Lovely and immensely talented author Lucy Coats blogged about overcoming and doing battle with the dastardly writer’s block recently. You can read it and all the useful comments here. Someone raised the question: do fantastically successful writers like JK Rowling and James Patterson ever have writer’s block? While on my slippery- wet-and -generally -unpleasant- though- full -of -healthful- benefits morning walk I pondered this. I have experienced writer’s block but to a very small degree and usually when I am trying to force something which is not working. I think this is the way my snarky muse lets me know that I need to trash a particular passage/character/sub plot (or sometimes scarily, major plot) and try a different approach. It never lasts more than a day or two and usually a regime of energetic walks and a lot of venting (discussion), sorts it out. I was always reluctant to call it writer’s block- something that Lucy points out in her blog- as if that would give ‘it’ more power over me. It has always seemed to me as well (and this is strictly a personal thing) that it was a sign that I was an amateur writer without the discipline and talent to write past it. But my blockages (ewww) were more like stumbling blocks, small barriers, not a yawning chasm of emptiness leading to despair and depression. My brain is quite frequently sludgy but it’s never been completely filled with sludge. I’ve always been able to dig myself out, mostly by putting aside whatever I’m working on, getting enough sleep, writing something new- blog, tweets, short story, other idea- and reading lots of books. Easing myself back into the routine helps too. And banning guilt. Guilt has no place in a writer’s life. We are frequently entirely too hard on ourselves. A little easing off of the whip never hurt anyone. I’m thinking that admitting the existence and reality of writer’s block might defang and declaw ‘it’ to some extent. Saying it out loud maybe makes it less scary. And as for JK Rowling, James Patterson, etc…if there is any truth to that, I’m wondering if it’s more a question of confidence. If you’ve had wild success as an author and dealt with writing block (either on a small scale or large) maybe you know you can overcome it, know that it is perhaps a natural part of the writing process, know that you can obliterate it in a fair fight.

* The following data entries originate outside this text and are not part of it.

(* Let $G_1=(V_1,E_1,\ell_1)$ and $G_2=(V_2,E_2,\ell_2)$ be finite node-labeled directed graphs, let $\mathcal{L}:V_1\times V_2\to[0,1]$ satisfy $\mathcal{L}(u,v)=1$ if and only if $\ell_1(u)=\ell_2(v)$, and let $w^+,w^-$ satisfy $0<w^+$, $0<w^-$, $w^++w^-<1$. Define $F^0=\mathcal{L}$ and, for $k\ge1$, $$F^k(u,v)=w^+A^k(N^+_{G_1}(u),N^+_{G_2}(v))+w^-A^k(N^-_{G_1}(u),N^-_{G_2}(v))+(1-w^+-w^-)\mathcal{L}(u,v),$$ where for $S_1\subseteq V_1$, $S_2\subseteq V_2$: $A^k(S_1,S_2)=1$ if $S_1=S_2=\emptyset$; $A^k(S_1,S_2)=0$ if exactly one of $S_1,S_2$ is empty; and otherwise $$A^k(S_1,S_2)=\frac{1}{\sqrt{|S_1|\,|S_2|}}\max_{g}\sum_{(x,y)\in g}F^{k-1}(x,y),$$ the maximum ranging over all sets $g\subseteq S_1\times S_2$ that are the graph of an injective map from the smaller of $S_1,S_2$ into the larger (if $|S_1|\le|S_2|$, injective maps $S_1\to S_2$; otherwise injective maps $S_2\to S_1$, written as pairs $(x,y)$ with $x\in S_1$, $y\in S_2$). Let $\mathrm{FSim}_{bj}(u,v)=\lim_{k\to\infty}F^k(u,v)$ (the limit exists). Then: (P1) $0\le\mathrm{FSim}_{bj}(u,v)\le1$; (P2) $\mathrm{FSim}_{bj}(u,v)=1$ if and only if $u$ is bijectively simulated by $v$, i.e. there exists a bijective simulation $R\subseteq V_1\times V_2$ with $(u,v)\in R$; (P3) if moreover $\mathcal{L}(u,v)=\mathcal{L}'(v,u)$ for all $u,v$, where $\mathcal{L}'$ is the label function used when computing the same scheme from $G_2$ to $G_1$, then $\mathrm{FSim}_{bj}(u,v)$ computed from $G_1$ to $G_2$ equals $\mathrm{FSim}_{bj}(v,u)$ computed from $G_2$ to $G_1$ (in particular, when $G_1=G_2$ and $\mathcal{L}$ is symmetric, $\mathrm{FSim}_{bj}(u,v)=\mathrm{FSim}_{bj}(v,u)$).
   Context: $N^+_G(u)=\{u':(u,u')\in E(G)\}$ and $N^-_G(u)=\{u':(u',u)\in E(G)\}$. A relation $R\subseteq V_1\times V_2$ is a bijective simulation if for every $(u,v)\in R$: $\ell_1(u)=\ell_2(v)$; there is a bijection $\lambda_1:N^+_{G_1}(u)\to N^+_{G_2}(v)$ with $(u',\lambda_1(u'))\in R$ for all $u'\in N^+_{G_1}(u)$; and there is a bijection $\lambda_2:N^-_{G_1}(u)\to N^-_{G_2}(v)$ with $(u'',\lambda_2(u''))\in R$ for all $u''\in N^-_{G_1}(u)$. *)

From HB Require Import structures.
From mathcomp Require Import all_boot all_order all_algebra.
From mathcomp Require Import all_classical all_reals all_analysis.
Set Implicit Arguments. Unset Strict Implicit. Unset Printing Implicit Defensive.
Import Order.TTheory GRing.Theory Num.Theory.
Local Open Scope ring_scope.

Definition Nout (V : finType) (E : rel V) (u : V) : {set V} := [set u' | E u u'].
Definition Nin (V : finType) (E : rel V) (u : V) : {set V} := [set u' | E u' u].

(* g \subset S1 x S2 is the graph of an injective map from the smaller of S1,S2
   into the larger (ties: injective maps S1 -> S2), written as pairs (x,y)
   with x in S1, y in S2. *)
Definition inj_match (V1 V2 : finType) (S1 : {set V1}) (S2 : {set V2})
  (g : {set V1 * V2}) : bool :=
  [forall p in g, (p.1 \in S1) && (p.2 \in S2)] &&
  (if #|S1| <= #|S2| then
     [forall x in S1, #|[set y | (x, y) \in g]| == 1] &&
     [forall y in S2, #|[set x | (x, y) \in g]| <= 1]
   else
     [forall y in S2, #|[set x | (x, y) \in g]| == 1] &&
     [forall x in S1, #|[set y | (x, y) \in g]| <= 1])%N.

Definition Asim (R : realType) (V1 V2 : finType) (F : V1 -> V2 -> R)
  (S1 : {set V1}) (S2 : {set V2}) : R :=
  if (S1 == finset.set0) && (S2 == finset.set0) then 1
  else if (S1 == finset.set0) || (S2 == finset.set0) then 0
  else (Num.sqrt (#|S1|%:R * #|S2|%:R))^-1 *
       \big[Num.max/0]_(g : {set V1 * V2} | inj_match S1 S2 g)
          \sum_(p in g) F p.1 p.2.

Fixpoint Fbj (R : realType) (V1 V2 : finType) (E1 : rel V1) (E2 : rel V2)
  (Lf : V1 -> V2 -> R) (wp wm : R) (k : nat) : V1 -> V2 -> R :=
  match k with
  | 0 => Lf
  | k'.+1 => fun u v =>
      wp * Asim (Fbj E1 E2 Lf wp wm k') (Nout E1 u) (Nout E2 v)
    + wm * Asim (Fbj E1 E2 Lf wp wm k') (Nin E1 u) (Nin E2 v)
    + (1 - wp - wm) * Lf u v
  end.

Definition bij_in_rel (V1 V2 : finType) (Rel : V1 -> V2 -> Prop)
  (S1 : {set V1}) (S2 : {set V2}) : Prop :=
  exists f : V1 -> V2,
    {in S1 &, injective f} /\ f @: S1 = S2 /\ (forall x, x \in S1 -> Rel x (f x)).

Definition bij_simulation (V1 V2 : finType) (Lab : Type)
  (E1 : rel V1) (E2 : rel V2) (l1 : V1 -> Lab) (l2 : V2 -> Lab)
  (Rel : V1 -> V2 -> Prop) : Prop :=
  forall u v, Rel u v ->
    l1 u = l2 v /\
    bij_in_rel Rel (Nout E1 u) (Nout E2 v) /\
    bij_in_rel Rel (Nin E1 u) (Nin E2 v).

(* Write step F for the right-hand side of the recursion, so that
   F^(k+1) = step F^k.  The proof rests on four facts about the matching
   score Asim F S1 S2 (a normalised maximum-weight matching between S1 and S2):
   - it lies in [0,1] when F does, because a matching has min(|S1|,|S2|)
     <= sqrt(|S1| |S2|) pairs;
   - it is 1-Lipschitz in F for the sup distance, so step is a contraction of
     ratio wp + wm < 1; hence F^k converges geometrically and its limit FSim
     is a fixpoint of step;
   - it equals 1 exactly when some bijection S1 -> S2 only pairs nodes at
     which F is 1 (a weight-sqrt(|S1||S2|) matching must be perfect);
   - it is invariant under exchanging the two sides, since the matchings of
     (S1,S2) and (S2,S1) correspond by swapping pairs.
   P1 follows from the first two facts; P2 holds because a fixpoint of step
   equals 1 exactly on a bijective simulation (third fact and the fact that
   weighted means of values <= 1 equal 1 only if all of them do), and
   P3 because each F^k is swap-invariant (fourth fact). *)

From HB Require Import structures.
From mathcomp Require Import all_boot all_order all_algebra.
From mathcomp Require Import all_classical all_reals all_analysis.
From mathcomp Require Import zify ring lra.
Import Order.TTheory GRing.Theory Num.Theory numFieldNormedType.Exports.

Set Implicit Arguments. Unset Strict Implicit. Unset Printing Implicit Defensive.
Lemma word_basis_generators e t : word_basis 0 e t ->
  exists X, word_basis 1 (e ++ X) (extend_fac (size e) t (fun=> (0, 0))).
Proof.
move=> basis_e; have [m [free_eX span_eX]] := free_cat_mask S (free_word_basis basis_e).
exists (mask m S); apply: word_basis_extension => //.
- rewrite span_eX span_cat (word_basis_span basis_e) Lspan0 Lspan1.
  by rewrite !span_cons span_nil addv0.
- by move=> x /mem_mask.
Qed.

Lemma word_basis_products j e t : 0 < j -> word_basis j e t ->
  exists X T, word_basis j.+1 (e ++ X) (extend_fac (size e) t T).
Proof.
move=> j_gt0 basis_e; set C := level_codes j (size e).
have [m [free_eX span_eX]] :=
  free_cat_mask (map (code_product e) C) (free_word_basis basis_e).
pose T r := let c := nth 0 (mask m C) r in (c %/ size e, c %% size e).
exists (mask m (map (code_product e) C)), T; apply: word_basis_extension => //.
- by rewrite span_eX (Lspan_succ_product_span j_gt0 basis_e).
- by move=> x /mem_mask /mapP[c c_in ->]; exact: (code_product_words basis_e c_in).
- move=> _ r; rewrite -map_mask size_map => lt_r; rewrite (nth_map 0) //.
  have /mem_mask := mem_nth 0 lt_r.
  by rewrite mem_filter => /andP[/and3P[a_gt0 b_gt0 /eqP deg_ab] _].
- move=> _ r1 r2 /andP[lt_12 lt_2]; rewrite -map_mask size_map in lt_2.
  apply: ltn_divn_or_modn; apply: (sorted_ltn_nth ltn_trans) => //; last first.
    by rewrite inE (ltn_trans lt_12).
  exact/sorted_mask/sorted_filter/iota_ltn_sorted/ltn_trans/ltn_trans.
Qed.

Lemma word_basis_exists j : one != 0%R -> exists e t, word_basis j e t.
Proof.
move=> one_neq0; elim: j => [|[|j] [e [t basis_e]]].
- by exists [:: one], (fun=> (0, 0)); apply: word_basis_unit.
- have [X basis_eX] := word_basis_generators basis_e.
  by exists (e ++ X), (extend_fac (size e) t (fun=> (0, 0))).
- have [X [T basis_eX]] := word_basis_products (ltn0Sn j) basis_e.
  by exists (e ++ X), (extend_fac (size e) t T).
Qed.

End WordBasis.

Theorem proposition5p6 (F : fieldType) (A : vectType F)
  (mul : A -> A -> A) (one : A)
  (mul_linl : forall y : A, linear (fun x => mul x y))
  (mul_linr : forall x : A, linear (mul x))
  (mul1x : forall x, mul one x = x) (mulx1 : forall x, mul x one = x)
  (S : seq A) (l : nat) (k1 : nat) :
  let n := \dim (fullv : {vspace A}) in
  let M := charseq mul one S l in
  (2 <= n)%N ->
  is_length mul one S l -> (2 <= l)%N ->
  nth 0%N M k1 = 1%N -> (1 < nth 0%N M k1.+1)%N ->
  exists (e : nat -> A) (t1 t2 : nat -> nat),
    basis_of fullv (mkseq e n) /\
    [/\ (* (1) *)
        (forall i, (i < n)%N -> e i \in words mul one S (nth 0%N M i)),
        (* (2a) *)
        (forall k, (k1 < k < n)%N ->
           [/\ (1 <= t1 k <= n.-1)%N, (1 <= t2 k <= n.-1)%N,
               (nth 0%N M (t1 k) + nth 0%N M (t2 k) = nth 0%N M k)%N,
               (t1 k < k)%N & (t2 k < k)%N]),
        (* (2b) *)
        (forall h1 h2, (k1 < h1)%N -> (h1 < h2)%N -> (h2 < n)%N ->
           (t1 h1 < t1 h2)%N \/ (t2 h1 < t2 h2)%N),
        (* (3) *)
        (forall k, (k1 < k < n)%N -> mul (e (t1 k)) (e (t2 k)) = e k) &
        (* (4) *)
        Lspan mul one S 1 = (<< mkseq e k1.+1 >>)%VS].
Proof.
move=> n M n_gt1 [Lspan_l _] l_gt1 M_k1 M_k1S.
have [e [t basis_e]] := word_basis_exists mul_linl mul_linr mul1x mulx1 S l
  (unit_neq0 mul_linl mul1x (ltnW n_gt1)).
have span_e : <<e>>%VS = fullv by rewrite (word_basis_span basis_e).
have size_e : size e = n by rewrite /n -span_e (eqP (free_word_basis basis_e)).
have size1 : size (charseq mul one S 1) = k1.+1.
  apply: (size_charseq_jump (j := l)); first exact: ltnW.
  by change (nth 0 M k1 <= 1 < nth 0 M k1.+1)%N; rewrite M_k1 M_k1S.
have deg_gt1 k : (k1 < k < size e)%N -> (1 < nth 0 M k)%N.
  move=> /andP[lt_k1k lt_k]; apply: leq_trans M_k1S _.
  by apply: deg_mono; rewrite lt_k1k -(size_word_basis basis_e).
exists (nth 0 e), (fun k => (t k).1), (fun k => (t k).2); rewrite -size_e mkseq_nth.
split; first by rewrite /basis_of span_e eqxx (free_word_basis basis_e).
split.
- exact: (words_word_basis basis_e).
- move=> k k_range; have lt_k : (k < size e)%N by case/andP: k_range.
  have [/andP[a_gt0 lt_a] /andP[b_gt0 lt_b] deg_ab] :=
    fac_word_basis_pos basis_e lt_k (deg_gt1 k k_range).
  by split; [lia | lia | exact: deg_ab | lia | lia].
- move=> h1 h2 lt_1 lt_12 lt_2.
  by apply: (lex_word_basis basis_e); [rewrite lt_12 | apply: deg_gt1; lia].
- move=> k k_range; apply/esym/(mul_word_basis basis_e); last exact: deg_gt1.
  by case/andP: k_range.
- have le_k1S : (k1.+1 <= size e)%N.
    by rewrite -size1 (size_word_basis basis_e); apply/leq_size_charseq/ltnW.
  by rewrite mkseq_nth_take // -size1 (span_word_basis basis_e) // ltnW.
Qed.
(* Let $G=\langle s_1,s_2\mid s_2s_2=s_2\rangle$ and $\mathcal{A}=\{1,2\}$. Let $X\subseteq\mathcal{A}^G$ be a nonempty $G$-shift space, and for $n\ge 0$ let $\gamma_n$ be the number of distinct restrictions $t|_{E_n}$ with $t\in X$. Then the limit $$h(X)=\lim_{n\to\infty}\frac{\ln\gamma_n}{|E_n|}$$ exists (equivalently, the $\limsup$ defining the topological entropy is a limit).
   Context: $G$ is the monoid (identity $e$) generated by $s_1,s_2$ subject only to the relation $s_2s_2=s_2$; each element is represented uniquely by a finite word over $\{s_1,s_2\}$ containing no factor $s_2s_2$, and $|g|$ denotes the length of this word. $E_n=\{g\in G:|g|\le n\}$. For $t\in\mathcal{A}^G$ write $t_g=t(g)$. An $n$-block is a map $\tau:E_n\to\mathcal{A}$; a configuration $t$ accepts $\tau$ if there is $g\in G$ with $t_{gg'}=\tau_{g'}$ for all $g'\in E_n$, and avoids it otherwise. A $G$-shift space is a set $X\subseteq\mathcal{A}^G$ consisting of all configurations that avoid every block in some given set of forbidden blocks. The topological entropy is defined as $h(X)=\limsup_{n\to\infty}\ln\gamma_n/|E_n|$. *)

From HB Require Import structures.
From mathcomp Require Import all_boot all_order all_algebra.
From mathcomp Require Import all_classical all_reals all_analysis.
Set Implicit Arguments. Unset Strict Implicit. Unset Printing Implicit Defensive.

(* Words over {s1,s2}: false = s1, true = s2. *)
Fixpoint reduced (w : seq bool) : bool :=
  match w with
  | b :: ((c :: _) as w') => ~~ (b && c) && reduced w'
  | _ => true
  end.

(* The monoid G = <s1,s2 | s2 s2 = s2>, elements = reduced words (normal forms). *)
Definition G := {w : seq bool | reduced w}.

(* normal form: collapse every factor s2 s2 to s2 *)
Fixpoint red (w : seq bool) : seq bool :=
  match w with
  | [::] => [::]
  | b :: w' => let r := red w' in if b && head false r then r else b :: r
  end.

Lemma red_reduced w : reduced (red w).
Proof.
elim: w => [|b w IH] //=.
case: (red w) IH => [|c r] IH; first by case: b.
by case: b; case: c IH => //= ->.
Qed.

Definition gmul (g h : G) : G := exist _ (red (val g ++ val h)) (red_reduced _).
Definition gone : G := exist _ [::] isT.

Definition glen (g : G) : nat := size (val g).

Definition Esub (n : nat) := {g : G | glen g <= n}.
Definition block (n : nat) := Esub n -> bool.

(* alphabet A = {1,2}, encoded as bool *)
Definition config := G -> bool.

Definition accepts (t : config) (n : nat) (tau : block n) : Prop :=
  exists g : G, forall g' : Esub n, t (gmul g (val g')) = tau g'.

Definition shift (F : forall n : nat, set (block n)) : set config :=
  [set t | forall (n : nat) (tau : block n), F n tau -> ~ accepts t tau].

Definition is_shift_space (X : set config) : Prop :=
  exists F : forall n : nat, set (block n), X = shift F.

(* explicit duplicate-free enumeration of E_n *)
Definition words (n : nat) : seq (seq bool) :=
  flatten [seq [seq val x | x <- enum {: k.-tuple bool}] | k <- iota 0 n.+1].
Definition Elist (n : nat) : seq G := pmap (fun w => (insub w : option G)) (words n).

Definition card_En (n : nat) : nat := size (Elist n).

(* t|_{E_n}, as the tuple of values along the enumeration of E_n *)
Definition restr (t : config) (n : nat) : (card_En n).-tuple bool :=
  map_tuple t (in_tuple (Elist n)).

Definition n_patterns (X : set config) (n : nat) : nat :=
  #|[set p : (card_En n).-tuple bool | `[< exists2 t, X t & restr t n = p >] ]|.

(* The ball decomposes as E_(n+2) = {e, s2} + s1 E_(n+1) + s2 s1 E_n, so |E_n| grows at
   least like a Fibonacci sequence, while a pattern on E_(n+2) is determined by its values
   at e and s2 and by the patterns read on the two translated balls; shift invariance of X
   gives gamma_(n+2) <= 4 gamma_(n+1) gamma_n.  Hence u_n = ln (4 gamma_n) and c_n = |E_n|
   satisfy u_(n+2) <= u_(n+1) + u_n and c_(n+2) >= c_(n+1) + c_n.  For such sequences the
   maximum of two consecutive ratios u_n / c_n is nonincreasing, and once it is close to its
   limit L the next ratio cannot drop far below L, so u_n / c_n converges (a two-step
   variant of Fekete's lemma); finally ln 4 / |E_n| tends to 0. *)
From Pilot Require Import Defs.
From HB Require Import structures.
From mathcomp Require Import all_boot all_order all_algebra.
From mathcomp Require Import all_classical all_reals all_analysis.
From mathcomp Require Import lra zify.
Set Implicit Arguments. Unset Strict Implicit. Unset Printing Implicit Defensive.

Import Order.TTheory GRing.Theory Num.Theory numFieldNormedType.Exports.
Local Open Scope classical_set_scope.
Local Open Scope ring_scope.

Definition fcons (b : bool) (r : seq bool) := if b && head false r then r else b :: r.

Lemma head_red b w : head false (red (b :: w)) = b.
Proof. by case: b => //=; case: ifP. Qed.

Lemma reduced_behead b w : reduced (b :: w) -> reduced w.
Proof. by case: w => //= c w /andP[]. Qed.

Lemma red_id w : reduced w -> red w = w.
Proof.
elim: w => [|b w IH] //= Hw.
rewrite (IH (reduced_behead Hw)).
case: w Hw {IH} => [|c w] /=; first by rewrite andbF.
by case/andP => /negbTE ->.
Qed.

Lemma red_fcons_cat b r v :
  reduced r -> red (fcons b r ++ v) = fcons b (red (r ++ v)).
Proof. by rewrite /fcons; case: b; case: r => [|[] r] //= _; rewrite head_red. Qed.

Lemma red_catl u v : red (red u ++ v) = red (u ++ v).
Proof. by elim: u => [|b u IH] //=; rewrite red_fcons_cat ?red_reduced // IH. Qed.

Lemma red_catr u v : red (u ++ red v) = red (u ++ v).
Proof. by elim: u => [|b u /= ->] //=; rewrite red_id ?red_reduced. Qed.

Lemma gmulA (a b c : G) : gmul a (gmul b c) = gmul (gmul a b) c.
Proof. by apply: val_inj => /=; rewrite red_catr red_catl catA. Qed.

Definition s1 : G := exist _ [:: false] isT.
Definition s2 : G := exist _ [:: true] isT.
Definition s2s1 : G := exist _ [:: true; false] isT.

Lemma val_gmul_s1 h : val (gmul s1 h) = false :: val h.
Proof. by rewrite /= red_id //; case: h. Qed.
(* Consider a quantum spin system on the $\nu$-dimensional hypercubic lattice with $N$ sites and a finite-dimensional single-site Hilbert space. For $i=0,\dots,m-1$ let $\hat X_{N(i)}=\sum_j\gamma_j(\hat o_{(i)})$, where $\gamma_j$ is the lattice translation by $j$ and $\hat o_{(i)}$ is an $N$-independent self-adjoint local observable, and let $\hat x_{N(i)}=\hat X_{N(i)}/N$. Let $\check{\boldsymbol X}_N=(\check X_{N(0)},\dots,\check X_{N(m-1)})$ be self-adjoint operators with $\lim_{N\to\infty}\|\hat X_{N(i)}-\check X_{N(i)}\|=0$ and $[\check X_{N(i)},\check X_{N(j)}]=0$ for all $i,j$, and $\check x_{N(i)}=\check X_{N(i)}/N$. Let $\eta$ be an $N$-independent polynomial with real coefficients in $m$ noncommutative indeterminates such that $\eta(\hat{\boldsymbol x}_N)$ is self-adjoint for all $N$. For $\dot{\ }\in\{\hat{\ },\check{\ }\}$ define $\psi_N^{\dot\eta}=-\frac1N\log\mathrm{Tr}[e^{-N\eta(\dot{\boldsymbol x}_N)}]$. If $\psi_N^{\hat\eta}$ and $\psi_N^{\check\eta}$ both converge as $N\to\infty$, then $\lim_{N\to\infty}\psi_N^{\hat\eta}=\lim_{N\to\infty}\psi_N^{\check\eta}$.
   Context: $\|\cdot\|$ is the operator norm. $\psi_N^{\dot\eta}$ is the (finite-size) thermodynamic function of the squeezed ensemble $e^{-N\eta(\dot{\boldsymbol x}_N)}/\mathrm{Tr}[e^{-N\eta(\dot{\boldsymbol x}_N)}]$. *)

From HB Require Import structures.
From mathcomp Require Import all_boot all_order all_algebra.
From mathcomp Require Import complex.
From mathcomp Require Import all_classical all_reals all_analysis.
Set Implicit Arguments. Unset Strict Implicit. Unset Printing Implicit Defensive.
Import Order.TTheory GRing.Theory Num.Theory numFieldNormedType.Exports.
Local Open Scope classical_set_scope.
Local Open Scope ring_scope.
Local Open Scope complex_scope.

(*   A site of the periodic nu-dimensional hypercubic lattice of side L is   *)
(*   a function 'I_nu -> 'I_L (so N = L ^ nu sites).  A basis configuration  *)
(*   of the spin system with single-site dimension d is a function           *)
(*   site -> 'I_d; operators on the Hilbert space (C^d)^{(x) N} are square   *)
(*   complex matrices indexed (via enum_rank) by these configurations.       *)
(*   A local observable is an operator on the box {0,..,r-1}^nu.             *)

Definition hdim (nu L d : nat) : nat := #|{ffun {ffun 'I_nu -> 'I_L} -> 'I_d}|.

Definition bdim (nu r d : nat) : nat := #|{ffun {ffun 'I_nu -> 'I_r} -> 'I_d}|.

Section Defs.
Variable R : realType.
Local Notation C := R[i].

Definition adj (n : nat) (A : 'M[C]_n) : 'M[C]_n := \matrix_(i, j) (A j i)^*.
Definition selfadj (n : nat) (A : 'M[C]_n) : Prop := adj A = A.

Definition vnorm2 (n : nat) (v : 'cV[C]_n) : R :=
  \sum_(i < n) complex.Re (v i 0 * (v i 0)^*).

Definition opnorm (n : nat) (A : 'M[C]_n) : R :=
  sup [set x : R | exists v : 'cV[C]_n,
         vnorm2 v <= 1 /\ x = Num.sqrt (vnorm2 (A *m v))].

7 thoughts on “Blockage? What Blockage?

  1. No, I think you're right, Jo. Sometimes being stuck – which is what I call it – is a sign from the subconscious that you are heading the wrong way. Go away and do something else, sleep on it, garden, walk the dog. One morning you'll wake up knowing which way to go. And guilt is always destructive.

  2. I have to think that having passed through a writer's block lets you know it can be done. And once you know a thing can be done, the doing becomes easier.

    WB for me is situational. I may be "blocked" on one of my novels, but just fine on the blog. Taking pen to paper, keyboard to screen, etc., and pushing on in another direction seems to work for me.

  3. I've never had writers block – ever. I actually have the opposite problem: too many ideas floating around in my head and many that need constant weeding!

  4. Thank you, Jo–this is a most useful branch to the wider discussion I was hoping to grow on this sometimes contentious subject. " I'm thinking that admitting the existence and reality of writer's block might defang and declaw 'it' to some extent. Saying it out loud maybe makes it less scary." Yes–that thing of naming your fear somehow helps to defeat it. It's an effective psychological tool in the writer's box. The spectre of 'WB' haunts most of us (though not all as I now know well, having had some fairly bracing comments telling me that it does not exist). Dealing with it early–doing exactly what you do ie walk, vent–taking yourself away for a time from the problem often cures it or moves you and your plot on to a different and better place. Having it for as long as I did–because of illness and depression–and being in that creative wilderness is not something I would wish on my worst enemy (if I had one!). What I would like to do most of all is to give other writers ways to conquer/avoid WB before it becomes the monster it was for me.

    Lucy Coats at http://scribblecitycentral.blogspot.com

  5. It's a vicious circle isn't it, Lucy???The incapability to write because of things outside our control followed by the depression because you're not writing. Just awful.
    I don't understand why people refuse to admit that B exists for some people. Why on earth would we make something like that up? Perhaps they deny it out of fear as if it's contagious?
    Thanks for commenting.

  6. Right, everyone jump on Donna Hosie and pummel her!
    Seriously though, hurray for you, Donna!
    Sounds like you never stop writing so therefore the dreaded WB can't get a grip on you.